*WORK TO COMPLETE*
Among the entries below, only the lines starting at the one with "case/splitPr: si rs => s1 s2 rs." and ending at the one with "Lemma prod_incl_eqmod (I", both included, are to be printed exactly.

[Recorded data]
Section Abelianization.
Variables (G : groupType) (S : G -> Prop).
Local Open Scope group_scope.
Local Notation N := (normal_closure S).
Local Notation "x == y" := (eqmod N x y) : type_scope.
Hypothesis eqmodC : forall x y : G, x * y == y * x.

Lemma prodM_eqmod (I : Type) (r : seq I) (F F' : I -> G) :
  \prod_(i <- r) (F i * F' i) == \prod_(i <- r) F i * \prod_(i <- r) F' i.
Proof.
elim: r => [|i r IHr]; first by rewrite !big_nil mulg1; reflexivity.
rewrite !big_cons IHr !mulgA -[F i * F' i * _]mulgA (eqmodC (F' i)) !mulgA.
reflexivity.
Qed.

Lemma perm_prod_eqmod (I : eqType) (r s : seq I) (F : I -> G) :
  perm_eq r s -> \prod_(i <- r) F i == \prod_(i <- s) F i.
Proof.
elim: r s => [|i r IHr] s rs.
  by move: rs; rewrite perm_sym => /perm_nilP ->; reflexivity.
have si : i \in s by rewrite -(perm_mem rs) mem_head.
case/splitPr: si rs => s1 s2 rs.
have /IHr IHs : perm_eq r (s1 ++ s2).
  by rewrite -(perm_cons i) (perm_trans rs) // -cat1s perm_catCA.
by rewrite big_cons IHs !big_cat big_cons /= mulgA (eqmodC (F i)) !mulgA; reflexivity.
Qed.

Lemma prod_incl_eqmod (I : eqType) (r s : seq I) (F : I -> G) :
  uniq r -> uniq s -> {subset r <= s} -> (forall i, i \notin r -> F i = 1) ->
  \prod_(i <- r) F i == \prod_(i <- s) F i.
Proof.
move=> r_uniq s_uniq rs F1.
rewrite -(big_rmcond _ s (P := mem r)) // -big_filter.
apply: perm_prod_eqmod; apply: uniq_perm => //.
  exact: filter_uniq.
by move=> i; rewrite mem_filter andb_idr //; apply: rs.
Qed.

Lemma thetaEw (a : ZG G) (d : {fset G}) : (msupp a `<=` d)%fset ->
  theta a == \prod_(k <- d) expgz k a@_k.
Proof.
move=> sad; apply: prod_incl_eqmod => //; first by move=> k /(fsubsetP sad).
by move=> k /mcoeff_outdom ->.
Qed.

Lemma thetaD (a b : ZG G) : theta (a + b)%R == theta a * theta b.
Proof.
have [sa sb sab] := fsubsetU3 (msupp a) (msupp b) (msupp (a + b)).
rewrite (thetaEw sa) (thetaEw sb) (thetaEw sab) -prodM_eqmod.
by apply: eq_prod_eqmod => k; rewrite mcoeffD expgzD; reflexivity.
Qed.

Lemma theta0 : theta (0%R : ZG G) == 1.
Proof. by rewrite /theta msupp0 big_nil; reflexivity. Qed.

Lemma thetaN (a : ZG G) : theta (- a)%R == (theta a)^-1.
Proof.
rewrite -[theta (- a)%R]mul1g -(mulVg (theta a)) -mulgA -thetaD subrr theta0.
by rewrite mulg1; reflexivity.
Qed.

Lemma thetaB (a b : ZG G) : theta (a - b)%R == theta a * (theta b)^-1.
Proof. by rewrite thetaD thetaN; reflexivity. Qed.

Lemma thetaU (c : int) (k : G) : theta << c *g k >> == expgz k c.
Proof. by rewrite (thetaEw msuppU_le) big_seq_fset1 mcoeffUU; reflexivity. Qed.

*EXERCISE OUTPUT*
case/splitPr: si rs => s1 s2 rs.
have /IHr IHs : perm_eq r (s1 ++ s2).
  by rewrite -(perm_cons i) (perm_trans rs) // -cat1s perm_catCA.
by rewrite big_cons IHs !big_cat big_cons /= mulgA (eqmodC (F i)) !mulgA; reflexivity.
Qed.

Lemma prod_incl_eqmod (I : eqType) (r s : seq I) (F : I -> G) :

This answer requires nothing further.